BMJ 2004; 329 doi: http://dx.doi.org/10.1136/bmj.329.7460.251-a (Published 29 July 2004) Cite this as: BMJ 2004;329:251
  1. Stephen Pincock
  1. London

    A second case in the United Kingdom of variant Creutzfeldt Jakob disease (vCJD) that may have been transmitted through a blood transfusion has been been confirmed by the National CJD Surveillance Unit, the Department of Health has said.

    The case involved a patient who had a blood transfusion in 1999 from a donor who later went on to develop vCJD. The patient died of causes unrelated to vCJD, but a post mortem examination showed the presence of disease causing prion proteins in the patient's spleen.

    “After the first person to person transmission of vCJD was indentified it was expected that further cases may follow,” the health department said in a statement. “This second case is of particular scientific interest as the patient had a different genetic type to that so far found in patients who have developed vCJD.”

    Few details of this second case were available, but a detailed account will be appearing soon in the Lancet, the government said. At the same time, ministers said they would tighten restrictions on blood donations in an effort to reduce the risk of transmitting the disease.

    Since April this year people who have received a blood transfusion since January 1980 have been excluded from donating blood.

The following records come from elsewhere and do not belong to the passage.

(* Let $\mathbf{M}$ be a POMDP, let $k\in\mathbb{N}$, and let $\mathbf{C}=(\mathcal{Q},q_1,\gamma,\delta)$ be a deterministic $k$-FSC for $\mathbf{M}$ with corresponding instantiation $u_{\mathbf{C}}$. Then for every $t\in\mathbb{N}$ (with $t\ge 2$), \[ H^{\mathbf{C}}(S_{t} \mid S^{t-1})= H^{u_{\mathbf{C}}}(S_{\mathbf{M},k,t} \mid S_{\mathbf{M},k, t-1}). \]
   Context: A POMDP is $\mathbf{M}=(\mathcal{S},s_I,\mathcal{A},P,\mathcal{Z},O,R)$ with finite state set $\mathcal{S}$, initial state $s_I$, finite action set $\mathcal{A}$, transition function $P_{s,a,s'}=P(s'|s,a)$, finite observation set $\mathcal{Z}$, observation function $O_{s,z}=O(z|s)$, reward $R:\mathcal{S}\times\mathcal{A}\to\mathbb{R}$. A $k$-finite-state controller ($k$-FSC) is $\mathbf{C}=(\mathcal{Q},q_1,\gamma,\delta)$ with memory states $\mathcal{Q}=\{q_1,\ldots,q_k\}$, initial memory state $q_1$, decision function $\gamma:\mathcal{Q}\times\mathcal{Z}\to\Delta(\mathcal{A})$ and memory transition function $\delta:\mathcal{Q}\times\mathcal{Z}\times\mathcal{A}\to\Delta(\mathcal{Q})$. Under $\mathbf{C}$ the POMDP evolves as: $S_1=s_I$, memory $Q_1=q_1$; at time $t$, $Z_t\sim O(\cdot|S_t)$, $A_t\sim\gamma(\cdot|Q_t,Z_t)$, $S_{t+1}\sim P(\cdot|S_t,A_t)$, $Q_{t+1}\sim\delta(\cdot|Q_t,Z_t,A_t)$. $H^{\mathbf{C}}(S_t\mid S^{t-1})$ is the conditional entropy of $S_t$ given $S^{t-1}=(S_1,\ldots,S_{t-1})$ in this process. For $q\in\mathcal{Q}$ let $Succ(q)=\{q'\in\mathcal{Q}:\delta(q'|q,z,a)>0 \text{ for some } z\in\mathcal{Z},a\in\mathcal{A}\}$; $\mathbf{C}$ is a deterministic $k$-FSC if $|Succ(q)|=1$ for all $q\in\mathcal{Q}$. The instantiation $u_{\mathbf{C}}$ determines the Markov chain $\mathbf{D}_{\mathbf{M},k}[u_{\mathbf{C}}]$ with state space $\mathcal{S}\times\mathcal{Q}$, initial state $\langle s_I,q_1\rangle$ and transition probabilities \[ P^{u_{\mathbf{C}}}_{\mathbf{M},k}(\langle s',q'\rangle\mid\langle s,q\rangle)=\sum_{a\in\mathcal{A}}\sum_{z\in\mathcal{Z}} O_{s,z}\,P_{s,a,s'}\,\gamma(a|q,z)\,\delta(q'|q,z,a). \] $(S_{\mathbf{M},k,1},S_{\mathbf{M},k,2},\ldots)$ is the state sequence of this Markov chain, and $H^{u_{\mathbf{C}}}(S_{\mathbf{M},k,t}\mid S_{\mathbf{M},k,t-1})$ is the corresponding conditional entropy (convention $0\log 0=0$). *)

From HB Require Import structures.
From mathcomp Require Import all_boot all_order all_algebra.
From mathcomp Require Import reals exp.
Set Implicit Arguments. Unset Strict Implicit. Unset Printing Implicit Defensive.
Import Order.TTheory GRing.Theory Num.Theory.
Local Open Scope ring_scope.

Section Defs.
Variable R : realType.

Definition is_distr (T : finType) (p : T -> R) : Prop :=
  (forall x, 0 <= p x) /\ \sum_x p x = 1.

Record POMDP (S A Z : finType) := MkPOMDP {
  pm_sI : S;
  pm_P  : S -> A -> S -> R;   (* pm_P s a s' = P(s'|s,a) *)
  pm_O  : S -> Z -> R;        (* pm_O s z = O(z|s) *)
  pm_R  : S -> A -> R }.

Definition POMDP_wf (S A Z : finType) (M : POMDP S A Z) : Prop :=
  (forall s a, is_distr (pm_P M s a)) /\ (forall s, is_distr (pm_O M s)).

Record FSC (A Z : finType) (k : nat) := MkFSC {
  fsc_q1    : 'I_k;
  fsc_gamma : 'I_k -> Z -> A -> R;          (* gamma(a|q,z) *)
  fsc_delta : 'I_k -> Z -> A -> 'I_k -> R }. (* delta(q'|q,z,a) *)

Definition FSC_wf (A Z : finType) k (C : FSC A Z k) : Prop :=
  (forall q z, is_distr (fsc_gamma C q z)) /\
  (forall q z a, is_distr (fsc_delta C q z a)).

Definition Succ (A Z : finType) k (C : FSC A Z k) (q : 'I_k) : {set 'I_k} :=
  [set q' | [exists z, exists a, 0 < fsc_delta C q z a q']].

Definition deterministic_FSC (A Z : finType) k (C : FSC A Z k) : Prop :=
  forall q : 'I_k, #|Succ C q| = 1%N.

(* Conditional entropy H(Y|X) of a joint distribution p(x,y) on X * Y
   (natural logarithm; terms with p(x,y) = 0 vanish, i.e. 0 log 0 = 0). *)
Definition cond_entropy (X Y : finType) (p : X -> Y -> R) : R :=
  - \sum_x \sum_y
      (if p x y == 0 then 0 else p x y * ln (p x y / \sum_y' p x y')).

Variables (S A Z : finType) (k : nat) (M : POMDP S A Z) (C : FSC A Z k).

(* Joint law of (S_1..S_{n+1}, Q_1..Q_{n+1}, Z_1..Z_{n+1}, A_1..A_{n+1})
   in the POMDP under C (index i : 'I_n.+1 stands for time i+1). *)
Definition traj_prob (n : nat) (s : {ffun 'I_n.+1 -> S}) (q : {ffun 'I_n.+1 -> 'I_k})
    (z : {ffun 'I_n.+1 -> Z}) (a : {ffun 'I_n.+1 -> A}) : R :=
  ((s ord0 == pm_sI M) && (q ord0 == fsc_q1 C))%:R *
  (\prod_(i < n.+1) (pm_O M (s i) (z i) * fsc_gamma C (q i) (z i) (a i))) *
  (\prod_(i < n)
     (pm_P M (s (inord i)) (a (inord i)) (s (inord i.+1)) *
      fsc_delta C (q (inord i)) (z (inord i)) (a (inord i)) (q (inord i.+1)))).

Definition state_seq_prob (n : nat) (s : {ffun 'I_n.+1 -> S}) : R :=
  \sum_(q : {ffun 'I_n.+1 -> 'I_k}) \sum_(z : {ffun 'I_n.+1 -> Z})
    \sum_(a : {ffun 'I_n.+1 -> A}) @traj_prob n s q z a.

Definition snoc_seq (n : nat) (x : {ffun 'I_n.+1 -> S}) (y : S)
  : {ffun 'I_n.+2 -> S} :=
  [ffun i => if unlift ord_max i is Some j then x j else y].

(* H^C(S_t | S^{t-1}) for t = n+2. *)
Definition H_FSC (n : nat) : R :=
  cond_entropy (fun (x : {ffun 'I_n.+1 -> S}) (y : S) =>
                  @state_seq_prob n.+1 (snoc_seq x y)).

Definition chain_P (x y : S * 'I_k) : R :=
  \sum_(a : A) \sum_(z : Z)
    pm_O M x.1 z * pm_P M x.1 a y.1 * fsc_gamma C x.2 z a * fsc_delta C x.2 z a y.2.

(* chain_dist n = law of S_{M,k,n+1}. *)
Fixpoint chain_dist (n : nat) : S * 'I_k -> R :=
  match n with
  | 0 => fun x => (x == (pm_sI M, fsc_q1 C))%:R
  | m.+1 => fun y => \sum_x chain_dist m x * chain_P x y
  end.

(* H^{u_C}(S_{M,k,t} | S_{M,k,t-1}) for t = n+2. *)
Definition H_chain (n : nat) : R :=
  cond_entropy (fun x y : S * 'I_k => chain_dist n x * chain_P x y).

End Defs.

From mathcomp Require Import all_boot all_order all_algebra.
From mathcomp Require Import reals exp.
From mathcomp Require Import ring.
Set Implicit Arguments. Unset Strict Implicit. Unset Printing Implicit Defensive.
Import Order.TTheory GRing.Theory Num.Theory.
Local Open Scope ring_scope.

(* Once the memory update is deterministic, the memory at time t is the
   constant q_t = next^(t-1)(q_1), so summing out observations and actions turns
   the state process under C into a Markov chain with kernels
   T_t(s, s') = sum_a sum_z O(z|s) gamma(a|q_t,z) P(s'|s,a); in the product chain
   only the memory q_t is reachable at time t and it moves s by the same T_t.
   Hence both conditional entropies equal sum_s Pr(S_{t-1} = s) H(T_{t-1}(s, .)). *)

Definition entropy (R : realType) (Y : finType) (p : Y -> R) : R :=
  - \sum_y p y * ln (p y).

Lemma cond_entropy_factor (R : realType) (X Y : finType) (p : X -> Y -> R)
    (m : X -> R) (K : X -> Y -> R) :
  (forall x y, p x y = m x * K x y) -> (forall x, \sum_y K x y = 1) ->
  cond_entropy p = \sum_x m x * entropy (K x).
Proof.
move=> pE K1; rewrite /cond_entropy -sumrN; apply: eq_bigr => x _.
rewrite /entropy mulrN mulr_sumr; congr (- _); apply: eq_bigr => y _.
have -> : \sum_y' p x y' = m x.
  by rewrite (eq_bigr _ (fun y' _ => pE x y')) -mulr_sumr K1 mulr1.
rewrite mulrA -pE; have [->|pNZ] := eqVneq (p x y) 0; first by rewrite mul0r.
have mNZ : m x != 0 by apply: contraNneq pNZ => m0; rewrite pE m0 mul0r.
by rewrite pE [m x * _]mulrC mulfK.
Qed.

Lemma sum_pair_pred1 (V : nmodType) (X Y : finType) (y0 : Y) (F : X * Y -> V) :
  (forall x y, y != y0 -> F (x, y) = 0) -> \sum_p F p = \sum_x F (x, y0).
Proof.
move=> F0; rewrite (eq_bigr (fun p => F (p.1, p.2))) => [|[] //].
rewrite -(pair_bigA _ (fun x y => F (x, y))); apply: eq_bigr => x _.
by rewrite (bigD1 y0) //= big1 ?addr0 // => y; apply: F0.
Qed.

Lemma prod_ord_if (R : pzSemiRingType) n (F : 'I_n.+1 -> R) :
  \prod_(i < n.+1) (if (i < n)%N then F i else 1) =
  \prod_(i < n) F (widen_ord (leqnSn n) i).
Proof. by rewrite big_ord_recr /= ltnn mulr1; apply: eq_bigr => i _; rewrite ltn_ord. Qed.

Lemma orbit_indicator (R : comPzSemiRingType) (T : finType) (f : T -> T) (x0 : T) n
    (q : {ffun 'I_n.+1 -> T}) :
  (q ord0 == x0)%:R * \prod_(i < n) (q (inord i.+1) == f (q (inord i)))%:R
  = (q == [ffun i : 'I_n.+1 => iter i f x0])%:R :> R.
Proof.
have [->|qN] := eqVneq q [ffun i : 'I_n.+1 => iter i f x0].
  rewrite ffunE eqxx mul1r big1 // => i _.
  rewrite !ffunE inordK; last by rewrite ltnS.
  by rewrite inordK ?eqxx // ltnS ltnW.
have [q0|] := eqVneq (q ord0) x0; last by rewrite mul0r.
have [i /negPf qi|qpath] := pickP (fun i : 'I_n => q (inord i.+1) != f (q (inord i))).
  by rewrite (bigD1 i) //= qi mul0r mulr0.
have qE m : (m < n.+1)%N -> q (inord m) = iter m f x0.
  elim: m => [_|m IH lt_mn].
    by rewrite -q0; congr (q _); apply: val_inj; rewrite /= inordK.
  move/negbFE/eqP: (qpath (Ordinal (lt_mn : (m < n)%N))) => /= ->.
  by rewrite IH // ltnW.
by case/eqP: qN; apply/ffunP => j; rewrite ffunE -qE ?inord_val.
Qed.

    On advice from the Committee on the Microbiological Safety of Blood and Tissue the ban will be extended from 5 April next year to donors who are unsure whether they have had a blood transfusion and to apheresis donors who have previously had a blood transfusion.

    “We are continuing to follow a highly precautionary approach,” the health secretary, John Reid, said. “Although people may have concerns about the implications of this announcement, I would emphasise again that the exclusion crieteria are being tightened because of a small but unquantifiable risk. People should continue to have a blood transfusion when it is really necessary. Any slight risk associated with receiving blood must be balanced against the significant risk of not receiving that blood when it is most needed.”

    Mr Reid stressed that the risk attached to this group of blood donors is uncertain. “But we are taking these measures as a precaution, as the risk may be slightly higher than for the population as a whole.”

    The previous case of possible blood transmission of vCJD—thought to be the first in the world—was reported by the government in December last year.

    Three people have died of definite or probable vCJD so far this year, and 18 people died of the condition during the whole of last year. The total number of definite or probable cases, dead and alive, now stands at 147.